Within an hour, I was on the 6 train (which I loathed only slightly less than the R train) rattling uptown. I usually preferred at least two weeks between jobs, a loose rule I’d developed after experiencing a hellish burnout a few years ago. It wasn’t being around death that I found taxing—more the burden of being an anchor when everyone else around me, usually grieving family members, was emotionally unmoored.

But this job likely wouldn’t last longer than a day. The nurse on the phone explained that the patient, a twenty-six-year-old unhoused woman named Abigail, was brought in after she was found collapsed in an ATM vestibule in Midtown with end-stage liver failure. It was likely a result of cirrhosis—and the entire bottle of gin she’d consumed. Even though Abigail was lucid and talking, the prognosis wasn’t optimistic. Her parents were on their way from Idaho, but they’d probably arrive too late.
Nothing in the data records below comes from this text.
(* Let $k$ be a field and let $\mathcal C$ be a conilpotent coalgebra over $k$ such that the $k$-vector space $H^1(\mathcal C)$ is finite-dimensional. Then the forgetful functor from the category of left $\mathcal C$-contramodules to the category of left $\mathcal C^\vee$-modules, $\mathcal C\text{-contra}\to\mathcal C^\vee\text{-mod}$, is fully faithful. Moreover, for any dense subring $R$ of the topological ring $\mathcal C^\vee$, the forgetful functor $\mathcal C\text{-contra}\to R\text{-mod}$ is fully faithful.
   Context: A coalgebra $\mathcal C$ over $k$ is a vector space with coassociative comultiplication $\mu:\mathcal C\to\mathcal C\otimes_k\mathcal C$, $c\mapsto\sum c_{(1)}\otimes c_{(2)}$, and counit $\varepsilon:\mathcal C\to k$. It is coaugmented if endowed with a coalgebra morphism $\gamma:k\to\mathcal C$; then $\mathcal C_+=\mathcal C/\gamma(k)$ is a coalgebra without counit, and $\mathcal C$ is called conilpotent if for every $x\in\mathcal C_+$ some iterated comultiplication $\mathcal C_+\to\mathcal C_+^{\otimes m+1}$ annihilates $x$ (such a coaugmentation is then unique). One sets $H^1(\mathcal C)=\ker(\mathcal C_+\to\mathcal C_+\otimes_k\mathcal C_+)$ (the kernel of the induced comultiplication). A left $\mathcal C$-contramodule is a $k$-vector space $P$ with a linear map $\pi_P:\mathrm{Hom}_k(\mathcal C,P)\to P$ such that (contraassociativity) the two maps $\mathrm{Hom}_k(\mathcal C,\mathrm{Hom}_k(\mathcal C,P))\cong\mathrm{Hom}_k(\mathcal C\otimes_k\mathcal C,P)\rightrightarrows\mathrm{Hom}_k(\mathcal C,P)$, one induced by $\mu$ and the other by $\pi_P$, have equal compositions with $\pi_P$ (here $\mathrm{Hom}_k(V,\mathrm{Hom}_k(U,W))\cong\mathrm{Hom}_k(U\otimes_k V,W)$ is used), and (contraunitality) the composition $P\to\mathrm{Hom}_k(\mathcal C,P)\to P$ of the map induced by $\varepsilon$ with $\pi_P$ is the identity; morphisms are linear maps commuting with the contraactions. The dual vector space $\mathcal C^\vee=\mathrm{Hom}_k(\mathcal C,k)$ is an associative algebra with multiplication $(\phi\psi)(c)=\sum\psi(c_{(1)})\phi(c_{(2)})$, and every left $\mathcal C$-contramodule $P$ is a left $\mathcal C^\vee$-module via $\phi\cdot p=\pi_P(c\mapsto\phi(c)p)$; this defines the forgetful functor. $\mathcal C^\vee$ carries the (pseudo-compact) topology in which the annihilators of finite-dimensional subspaces of $\mathcal C$ form a base of neighborhoods of zero; a dense subring $R$ is a subring (containing the unit) dense in this topology, and $R$-modules structures on contramodules are obtained by restriction. *)

(* MathComp has no tensor product of arbitrary vector spaces, so an element of
   C (x) C is represented by a finite list of pairs  [:: (a_1,b_1); ...]
   standing for  sum_i a_i (x) b_i ; equalities of tensors are expressed by
   testing against all multilinear forms (which separate points of a tensor
   product over a field). *)
From HB Require Import structures.
From mathcomp Require Import all_boot all_algebra.
Set Implicit Arguments. Unset Strict Implicit. Unset Printing Implicit Defensive.
Import GRing.Theory.
Local Open Scope ring_scope.

Definition islin (k : fieldType) (U V : lmodType k) (f : U -> V) : Prop :=
  forall (a : k) (x y : U), f (a *: x + y) = a *: f x + f y.

Definition lform (k : fieldType) (U : lmodType k) (f : U -> k) : Prop :=
  forall (a : k) (x y : U), f (a *: x + y) = a * f x + f y.

Definition bilin_form (k : fieldType) (C : lmodType k) (b : C -> C -> k) : Prop :=
  (forall y, lform (fun x => b x y)) /\ (forall x, lform (b x)).

Definition trilin_form (k : fieldType) (C : lmodType k) (t : C -> C -> C -> k) : Prop :=
  [/\ forall y z, lform (fun x => t x y z),
      forall x z, lform (fun y => t x y z) &
      forall x y, lform (t x y)].

Definition tsum (C : Type) (V : nmodType) (s : seq (C * C)) (F : C -> C -> V) : V :=
  \sum_(ab <- s) F ab.1 ab.2.
(* Let $Q$ be an $s\times t$ real matrix with $s\le t$, let $T$ be a maximal transversal of $Q$ (i.e. $|T|={\rm tdet}(Q)$), and let $a$ be an entry of $T$. Let $R$ be the sum of the entries in the row of $Q$ containing $a$ and $C$ the sum of the entries in the column of $Q$ containing $a$. Then $$R+C\le {\rm tdet}(Q)+t\,a.$$
   Context: For an $s\times t$ matrix $Q=(a_{ij})$ with $s\le t$, a transversal of $Q$ is a set of entries $T=\{a_{1i_1},\dots,a_{si_s}\}$ with $i_1,\dots,i_s\in\{1,\dots,t\}$ pairwise distinct, and $|T|=a_{1i_1}+\cdots+a_{si_s}$. The tropical determinant is ${\rm tdet}(Q)=\max_T|T|$ over all transversals $T$ of $Q$. *)

From HB Require Import structures.
From mathcomp Require Import all_boot all_order all_algebra.
Set Implicit Arguments. Unset Strict Implicit. Unset Printing Implicit Defensive.
Import Order.TTheory GRing.Theory Num.Theory.
Local Open Scope ring_scope.

(* A transversal of an s x t matrix (s <= t) is given by an injective choice
   of column f i for each row i; its value |T| is the sum of the chosen entries. *)
Definition is_tdet_transversal (s t : nat) (f : {ffun 'I_s -> 'I_t}) : bool :=
  injectiveb f.

Definition tvalue (R : realFieldType) (s t : nat) (Q : 'M[R]_(s, t))
  (f : {ffun 'I_s -> 'I_t}) : R := \sum_(i < s) Q i (f i).

Definition transversals (s t : nat) : seq {ffun 'I_s -> 'I_t} :=
  [seq f <- enum {ffun 'I_s -> 'I_t} | is_tdet_transversal f].

(* Tropical determinant: maximum of |T| over all transversals T
   (the fold starts from the first value, so it is the genuine maximum
   whenever a transversal exists, i.e. when s <= t). *)
Definition tdet (R : realFieldType) (s t : nat) (Q : 'M[R]_(s, t)) : R :=
  let l := [seq tvalue Q f | f <- transversals s t] in
  foldr Num.max (head 0 l) l.

(* Let T be a maximal transversal and a = Q i (T i).  Exchanging the columns
   of rows i and l in T gives another transversal, so
   Q i (T l) + Q l (T i) <= a + Q l (T l); summing over l bounds the part of
   the row sum R on the columns of T, together with C, by s a + tdet Q.
   Moving the entry of row i to a column outside T gives another transversal,
   so each of the remaining t - s entries of row i is at most a. *)
From HB Require Import structures.
From mathcomp Require Import all_boot all_order all_algebra.
From mathcomp Require Import lra perm.
Set Implicit Arguments. Unset Strict Implicit. Unset Printing Implicit Defensive.
Import Order.TTheory GRing.Theory Num.Theory.
Local Open Scope ring_scope.

Lemma tvalue_le_tdet (R : realFieldType) (s t : nat) (Q : 'M[R]_(s, t))
    (g : {ffun 'I_s -> 'I_t}) :
  injective g -> tvalue Q g <= tdet Q.
Proof.
move=> /injectiveP g_inj; rewrite /tdet; set l := map _ _.
have : tvalue Q g \in l.
  by apply: map_f; rewrite mem_filter /is_tdet_transversal g_inj mem_enum.
move: (head 0 l) => d; elim: l => //= x l IHl.
rewrite in_cons le_max => /orP[/eqP->|/IHl->]; first by rewrite lexx.
by rewrite orbT.
Qed.

Section MaximalTransversal.

Variables (R : realFieldType) (s t : nat) (Q : 'M[R]_(s, t)).
Variable T : {ffun 'I_s -> 'I_t}.
Hypothesis T_inj : injective T.
Hypothesis T_max :
  forall g : {ffun 'I_s -> 'I_t}, injective g -> tvalue Q g <= tvalue Q T.

Let cols := T @: [set: 'I_s].

Lemma max_transversal_exchange i l :
  Q i (T l) + Q l (T i) <= Q i (T i) + Q l (T l).
Proof.
have [->|l_neq_i] := eqVneq l i; first by [].
pose g := [ffun k => T (tperm i l k)].
have g_inj : injective g by move=> x y; rewrite !ffunE => /T_inj /perm_inj.
have gain : tvalue Q g - tvalue Q T
    = Q i (T l) + Q l (T i) - (Q i (T i) + Q l (T l)).
  rewrite -sumrB (bigD1 i) //= (bigD1 l) ?l_neq_i //= big1.
    by rewrite !ffunE tpermL tpermR; lra.
  move=> k /andP[k_neq_i k_neq_l].
  by rewrite ffunE tpermD 1?eq_sym ?k_neq_i ?k_neq_l ?subrr.
by rewrite -subr_le0 -gain subr_le0 T_max.
Qed.

Lemma max_transversal_free_col i c : c \notin cols -> Q i c <= Q i (T i).
Proof.
move=> c_free.
pose g := [ffun k => if k == i then c else T k].
have T_in_cols k : T k \in cols by rewrite imset_f ?inE.
have g_inj : injective g.
  move=> x y; rewrite !ffunE.
  have [->|x_neq_i] := eqVneq x i; have [->|y_neq_i] := eqVneq y i => //.
  - by move=> c_eq; move: c_free; rewrite c_eq T_in_cols.
  - by move=> c_eq; move: c_free; rewrite -c_eq T_in_cols.
  - exact: T_inj.
have gain : tvalue Q g - tvalue Q T = Q i c - Q i (T i).
  rewrite -sumrB (bigD1 i) //= big1 ?addr0; first by rewrite ffunE eqxx.
  by move=> k k_neq_i; rewrite ffunE (negbTE k_neq_i) subrr.
by rewrite -subr_le0 -gain subr_le0 T_max.
Qed.

Lemma card_free_cols : #|~: cols| = (t - s)%N.
Proof.
have := cardsC cols; rewrite card_imset // cardsT !card_ord => card_t.
by rewrite -[in RHS]card_t addKn.
Qed.

Lemma row_sum_le i :
  \sum_(j < t) Q i j <= \sum_(l < s) Q i (T l) + (t - s)%:R * Q i (T i).
Proof.
rewrite (bigID (mem cols)) /= lerD //.
  rewrite big_imset /=; last by move=> x y _ _; apply: T_inj.
  by rewrite (eq_bigl predT) // => x; rewrite inE.
apply: le_trans (ler_sum _ (fun j => @max_transversal_free_col i j)) _.
rewrite sumr_const -card_free_cols mulr_natl.
by rewrite (eq_card (B := ~: cols)) // => j; rewrite inE.
Qed.

Lemma exchange_sum_le i :
  \sum_(l < s) Q i (T l) + \sum_(k < s) Q k (T i)
    <= s%:R * Q i (T i) + tvalue Q T.
Proof.
have -> : s%:R * Q i (T i) = \sum_(l < s) Q i (T i).
  by rewrite sumr_const card_ord mulr_natl.
rewrite /tvalue -!big_split /=; apply: ler_sum => l _.
exact: max_transversal_exchange.
Qed.

End MaximalTransversal.

Theorem lemma2p2 (R : realFieldType) (s t : nat) (Q : 'M[R]_(s, t))
  (hst : (s <= t)%N) (T : {ffun 'I_s -> 'I_t})
  (hT : is_tdet_transversal T) (hmax : tvalue Q T = tdet Q) (i : 'I_s) :
  \sum_(j < t) Q i j + \sum_(k < s) Q k (T i) <= tdet Q + t%:R * Q i (T i).
Proof.
have T_inj : injective T by apply/injectiveP.
have T_max (g : {ffun _ -> _}) : injective g -> tvalue Q g <= tvalue Q T.
  by rewrite hmax; apply: tvalue_le_tdet.
have row := row_sum_le T_inj T_max i.
have exch := exchange_sum_le T_inj T_max i.
rewrite natrB // in row; rewrite -hmax; lra.
Qed.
I wouldn’t be paid for this job, but there was no way I could let her die alone. And in situations like these, my task was just to be there as a presence. Hospitals were so full and understaffed that it wasn’t realistic for a nurse to stay with a patient around the clock. So they’d begun offering the services of volunteers, some of whom were death doulas like me, to provide comfort to those who had no one else. Or even those who did. Unfortunately, death isn’t always the peaceful slipping away that movies depict it to be—often it’s prolonged and very unpleasant. The sensory chaos of bodily functions shutting down or going awry. The gasping. The look of panic as people cling desperately to their final moments. Sometimes family members turn away or run out of the room to spare themselves from having such a confronting scene seared into their brains as the final memory of their loved ones.

That’s why it’s so important to have someone like me there. Someone who won’t look away, no matter how harrowing it gets.